What to work on:
Print the full listing once more, exactly as given.

-------- Information supplied

(* Let $\mathcal R$ be the compositum of all real quadratic integer rings $\mathcal O_{\mathbb{Q}(\sqrt{d})}$ ($d>1$ squarefree). Let $A=(a_{uv})$ be an $n\times n$ symmetric $\mathcal R$-matrix, and suppose that for some index $v$ one has $d_v:=\sum_{u=1}^n a_{uv}^2>4$. Then $A\notin\mathfrak S'_n$.
   Context: For a symmetric $\mathcal R$-matrix $A$, let $L_A$ denote the smallest normal extension of $\mathbb{Q}$ containing all entries of $A$. $\mathfrak S'_n$ denotes the set of $n\times n$ symmetric $\mathcal R$-matrices $A$ such that for every $\sigma\in\operatorname{Gal}(L_A/\mathbb{Q})$, all eigenvalues of $\sigma(A)$ (with $\sigma$ applied entrywise) lie in the interval $[-2,2]$. *)

From mathcomp Require Import all_boot all_order all_algebra all_field.
Set Implicit Arguments. Unset Strict Implicit. Unset Printing Implicit Defensive.
Import Order.TTheory GRing.Theory Num.Theory.
Local Open Scope ring_scope.

Definition sqfree (d : nat) : Prop := forall p : nat, prime p -> ~~ (p * p %| d)%N.

Definition quadInt (d : nat) (x : algC) : Prop :=
  x \in Aint /\ exists p q : rat, x = ratr p + ratr q * sqrtC d%:R.

(* The compositum R of all real quadratic integer rings O_{Q(sqrt d)},
   d > 1 squarefree: the smallest subring of algC containing them all. *)
Inductive inR : algC -> Prop :=
  | inR_quad (d : nat) (x : algC) : (1 < d)%N -> sqfree d -> quadInt d x -> inR x
  | inR_1 : inR 1
  | inR_opp x : inR x -> inR (- x)
  | inR_add x y : inR x -> inR y -> inR (x + y)
  | inR_mul x y : inR x -> inR y -> inR (x * y).

Definition symR_mx (n : nat) (A : 'M[algC]_n) : Prop :=
  A^T = A /\ forall i j, inR (A i j).

(* S'_n: symmetric R-matrices all of whose Galois conjugates have spectrum
   in [-2, 2].  Galois conjugation over Q of the entries is expressed by
   the (ring) automorphisms of algC. *)
Definition Sprime (n : nat) (A : 'M[algC]_n) : Prop :=
  symR_mx A /\
  forall (sigma : {rmorphism algC -> algC}) (lambda : algC),
    eigenvalue (map_mx sigma A) lambda -> (-2 <= lambda) && (lambda <= 2).

From mathcomp Require Import all_boot all_order all_algebra all_field.
From mathcomp Require Import ring.
Import Order.TTheory GRing.Theory Num.Theory.
Local Open Scope ring_scope.
Local Open Scope sesquilinear_scope.

(* Every element of R is real, so A is a real symmetric matrix and the Galois
   condition for the identity automorphism already puts its spectrum in
   [-2, 2].  Diagonalising A by a unitary P, the v-th diagonal entry of
   A A^T equals sum_k |P_kv|^2 lambda_k^2, a convex combination of the
   squared eigenvalues, hence at most 4; but it is d_v > 4. *)

Section NormalSpectrum.
Context {C : numClosedFieldType} {n : nat}.
Implicit Types (A P : 'M[C]_n).

Lemma unitarymx_col_norm P i : P \is unitarymx -> \sum_k `|P k i| ^+ 2 = 1.
Proof.
rewrite -trmxC_unitary => /unitarymxP /(congr1 (fun M : 'M[C]_n => M i i)).
rewrite trmxCK !mxE eqxx; apply: etrans; apply: eq_bigr => k _.
by rewrite !mxE normCK mulrC.
Qed.

Lemma row_unit_neq0 P k : P \in unitmx -> row k P != 0.
Proof.
move=> Punit; apply/eqP => /(congr1 (mulmx^~ (invmx P))).
rewrite -row_mul mulmxV // mul0mx => /rowP /(_ k).
by rewrite !mxE eqxx; apply/eqP; rewrite oner_eq0.
Qed.

Lemma spectral_diag_eigenvalue A k :
  A \is normalmx -> eigenvalue A (spectral_diag A 0 k).
Proof.
move=> /orthomx_spectralP eqA; have Punit := spectral_unit A.
apply/eigenvalueP; exists (row k (spectralmx A)); last exact: row_unit_neq0.
rewrite [in X in _ *m X = _]eqA !mulmxA -row_mul mulmxV // -row_mul mul1mx.
by rewrite row_diag_mx -scalemxAl -rowE.
Qed.

Lemma normalmx_mul_tr_diag A i : A \is normalmx ->
  (A *m A^t*) i i =
  \sum_k `|spectralmx A k i| ^+ 2 * `|spectral_diag A 0 k| ^+ 2.
Proof.
move=> /orthomx_spectralP eqA; have Pu := spectral_unitarymx A.
rewrite [in LHS]eqA invmx_unitary // !trmx_mul !map_mxM trmxCK tr_diag_mx.
rewrite map_diag_mx -!mulmxA (mulmxA (spectralmx A)) (unitarymxP _) // mul1mx.
rewrite (mulmxA (diag_mx _)) mulmx_diag mul_diag_mx mxE; apply: eq_bigr => k _.
rewrite !mxE !normCK; ring.
Qed.

Lemma normalmx_mul_tr_diag_le A (r : C) i :
  A \is normalmx -> 0 <= r -> (forall a, eigenvalue A a -> `|a| <= r) ->
  (A *m A^t*) i i <= r ^+ 2.
Proof.
move=> Anormal r0 eigA; rewrite normalmx_mul_tr_diag //.
rewrite -[X in _ <= X]mul1r -(unitarymx_col_norm _ i (spectral_unitarymx A)).
rewrite mulr_suml; apply: ler_sum => k _; apply: ler_wpM2l; first exact: exprn_ge0.
by rewrite lerXn2r ?nnegrE ?eigA ?spectral_diag_eigenvalue.
Qed.

Lemma realsym_mul_diag A i : A^T = A -> A \is a realmx ->
  (A *m A^t*) i i = \sum_u A u i ^+ 2.
Proof.
move=> Asym Areal; rewrite -map_trmx realmxC // Asym mxE.
by apply: eq_bigr => u _; rewrite -[in A i u]Asym mxE expr2.
Qed.

End NormalSpectrum.

Lemma inR_real x : inR x -> x \is Num.real.
Proof.
elim=> {x} [d x _ _ [_ [p [q ->]]]| | x _| x y _ + _ | x y _ + _].
- have ratr_real (r : rat) : ratr r \is @Num.real algC.
    by apply: Creal_Crat; apply: Crat_rat.
  have sqrt_real : sqrtC d%:R \is @Num.real algC by rewrite sqrtC_real ?ler0n.
  by apply: realD; last apply: realM.
- exact: real1.
- by rewrite realN.
- exact: realD.
- exact: realM.
Qed.

Theorem lemma2 (n : nat) (A : 'M[algC]_n) (v : 'I_n) :
  symR_mx A -> 4 < \sum_(u < n) A u v ^+ 2 -> ~ Sprime A.
Proof.
move=> [Asym inR_A] dv_gt4 [_ spectrum_A].
have Areal : A \is a realmx by apply/mxOverP=> i j; apply: inR_real.
have Anormal : A \is normalmx.
  apply/hermitian_normalmx/realsym_hermsym => //.
  by apply/is_hermitianmxP; rewrite expr0 scale1r map_mx_id.
have eigA a : eigenvalue A a -> `|a| <= 2.
  move=> eig_a; have /andP[a_ge a_le] : -2 <= a <= 2.
    by apply: (spectrum_A idfun); rewrite map_mx_id.
  by rewrite real_ler_norml ?a_ge ?a_le // (ler_real a_le) realn.
have := normalmx_mul_tr_diag_le _ _ v Anormal (ler0n _ 2) eigA.
by rewrite realsym_mul_diag // -natrX => /(lt_le_trans dv_gt4); rewrite ltxx.
Qed.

----------------

Task result:
(* Let $\mathcal R$ be the compositum of all real quadratic integer rings $\mathcal O_{\mathbb{Q}(\sqrt{d})}$ ($d>1$ squarefree). Let $A=(a_{uv})$ be an $n\times n$ symmetric $\mathcal R$-matrix, and suppose that for some index $v$ one has $d_v:=\sum_{u=1}^n a_{uv}^2>4$. Then $A\notin\mathfrak S'_n$.
   Context: For a symmetric $\mathcal R$-matrix $A$, let $L_A$ denote the smallest normal extension of $\mathbb{Q}$ containing all entries of $A$. $\mathfrak S'_n$ denotes the set of $n\times n$ symmetric $\mathcal R$-matrices $A$ such that for every $\sigma\in\operatorname{Gal}(L_A/\mathbb{Q})$, all eigenvalues of $\sigma(A)$ (with $\sigma$ applied entrywise) lie in the interval $[-2,2]$. *)

From mathcomp Require Import all_boot all_order all_algebra all_field.
Set Implicit Arguments. Unset Strict Implicit. Unset Printing Implicit Defensive.
Import Order.TTheory GRing.Theory Num.Theory.
Local Open Scope ring_scope.

Definition sqfree (d : nat) : Prop := forall p : nat, prime p -> ~~ (p * p %| d)%N.

Definition quadInt (d : nat) (x : algC) : Prop :=
  x \in Aint /\ exists p q : rat, x = ratr p + ratr q * sqrtC d%:R.

(* The compositum R of all real quadratic integer rings O_{Q(sqrt d)},
   d > 1 squarefree: the smallest subring of algC containing them all. *)
Inductive inR : algC -> Prop :=
  | inR_quad (d : nat) (x : algC) : (1 < d)%N -> sqfree d -> quadInt d x -> inR x
  | inR_1 : inR 1
  | inR_opp x : inR x -> inR (- x)
  | inR_add x y : inR x -> inR y -> inR (x + y)
  | inR_mul x y : inR x -> inR y -> inR (x * y).

Definition symR_mx (n : nat) (A : 'M[algC]_n) : Prop :=
  A^T = A /\ forall i j, inR (A i j).

(* S'_n: symmetric R-matrices all of whose Galois conjugates have spectrum
   in [-2, 2].  Galois conjugation over Q of the entries is expressed by
   the (ring) automorphisms of algC. *)
Definition Sprime (n : nat) (A : 'M[algC]_n) : Prop :=
  symR_mx A /\
  forall (sigma : {rmorphism algC -> algC}) (lambda : algC),
    eigenvalue (map_mx sigma A) lambda -> (-2 <= lambda) && (lambda <= 2).

From mathcomp Require Import all_boot all_order all_algebra all_field.
From mathcomp Require Import ring.
Import Order.TTheory GRing.Theory Num.Theory.
Local Open Scope ring_scope.
Local Open Scope sesquilinear_scope.

(* Every element of R is real, so A is a real symmetric matrix and the Galois
   condition for the identity automorphism already puts its spectrum in
   [-2, 2].  Diagonalising A by a unitary P, the v-th diagonal entry of
   A A^T equals sum_k |P_kv|^2 lambda_k^2, a convex combination of the
   squared eigenvalues, hence at most 4; but it is d_v > 4. *)

Section NormalSpectrum.
Context {C : numClosedFieldType} {n : nat}.
Implicit Types (A P : 'M[C]_n).

Lemma unitarymx_col_norm P i : P \is unitarymx -> \sum_k `|P k i| ^+ 2 = 1.
Proof.
rewrite -trmxC_unitary => /unitarymxP /(congr1 (fun M : 'M[C]_n => M i i)).
rewrite trmxCK !mxE eqxx; apply: etrans; apply: eq_bigr => k _.
by rewrite !mxE normCK mulrC.
Qed.

Lemma row_unit_neq0 P k : P \in unitmx -> row k P != 0.
Proof.
move=> Punit; apply/eqP => /(congr1 (mulmx^~ (invmx P))).
rewrite -row_mul mulmxV // mul0mx => /rowP /(_ k).
by rewrite !mxE eqxx; apply/eqP; rewrite oner_eq0.
Qed.

Lemma spectral_diag_eigenvalue A k :
  A \is normalmx -> eigenvalue A (spectral_diag A 0 k).
Proof.
move=> /orthomx_spectralP eqA; have Punit := spectral_unit A.
apply/eigenvalueP; exists (row k (spectralmx A)); last exact: row_unit_neq0.
rewrite [in X in _ *m X = _]eqA !mulmxA -row_mul mulmxV // -row_mul mul1mx.
by rewrite row_diag_mx -scalemxAl -rowE.
Qed.

Lemma normalmx_mul_tr_diag A i : A \is normalmx ->
  (A *m A^t*) i i =
  \sum_k `|spectralmx A k i| ^+ 2 * `|spectral_diag A 0 k| ^+ 2.
Proof.
move=> /orthomx_spectralP eqA; have Pu := spectral_unitarymx A.
rewrite [in LHS]eqA invmx_unitary // !trmx_mul !map_mxM trmxCK tr_diag_mx.
rewrite map_diag_mx -!mulmxA (mulmxA (spectralmx A)) (unitarymxP _) // mul1mx.
rewrite (mulmxA (diag_mx _)) mulmx_diag mul_diag_mx mxE; apply: eq_bigr => k _.
rewrite !mxE !normCK; ring.
Qed.

Lemma normalmx_mul_tr_diag_le A (r : C) i :
  A \is normalmx -> 0 <= r -> (forall a, eigenvalue A a -> `|a| <= r) ->
  (A *m A^t*) i i <= r ^+ 2.
Proof.
move=> Anormal r0 eigA; rewrite normalmx_mul_tr_diag //.
rewrite -[X in _ <= X]mul1r -(unitarymx_col_norm _ i (spectral_unitarymx A)).
rewrite mulr_suml; apply: ler_sum => k _; apply: ler_wpM2l; first exact: exprn_ge0.
by rewrite lerXn2r ?nnegrE ?eigA ?spectral_diag_eigenvalue.
Qed.

Lemma realsym_mul_diag A i : A^T = A -> A \is a realmx ->
  (A *m A^t*) i i = \sum_u A u i ^+ 2.
Proof.
move=> Asym Areal; rewrite -map_trmx realmxC // Asym mxE.
by apply: eq_bigr => u _; rewrite -[in A i u]Asym mxE expr2.
Qed.

End NormalSpectrum.

Lemma inR_real x : inR x -> x \is Num.real.
Proof.
elim=> {x} [d x _ _ [_ [p [q ->]]]| | x _| x y _ + _ | x y _ + _].
- have ratr_real (r : rat) : ratr r \is @Num.real algC.
    by apply: Creal_Crat; apply: Crat_rat.
  have sqrt_real : sqrtC d%:R \is @Num.real algC by rewrite sqrtC_real ?ler0n.
  by apply: realD; last apply: realM.
- exact: real1.
- by rewrite realN.
- exact: realD.
- exact: realM.
Qed.

Theorem lemma2 (n : nat) (A : 'M[algC]_n) (v : 'I_n) :
  symR_mx A -> 4 < \sum_(u < n) A u v ^+ 2 -> ~ Sprime A.
Proof.
move=> [Asym inR_A] dv_gt4 [_ spectrum_A].
have Areal : A \is a realmx by apply/mxOverP=> i j; apply: inR_real.
have Anormal : A \is normalmx.
  apply/hermitian_normalmx/realsym_hermsym => //.
  by apply/is_hermitianmxP; rewrite expr0 scale1r map_mx_id.
have eigA a : eigenvalue A a -> `|a| <= 2.
  move=> eig_a; have /andP[a_ge a_le] : -2 <= a <= 2.
    by apply: (spectrum_A idfun); rewrite map_mx_id.
  by rewrite real_ler_norml ?a_ge ?a_le // (ler_real a_le) realn.
have := normalmx_mul_tr_diag_le _ _ v Anormal (ler0n _ 2) eigA.
by rewrite realsym_mul_diag // -natrX => /(lt_le_trans dv_gt4); rewrite ltxx.
Qed.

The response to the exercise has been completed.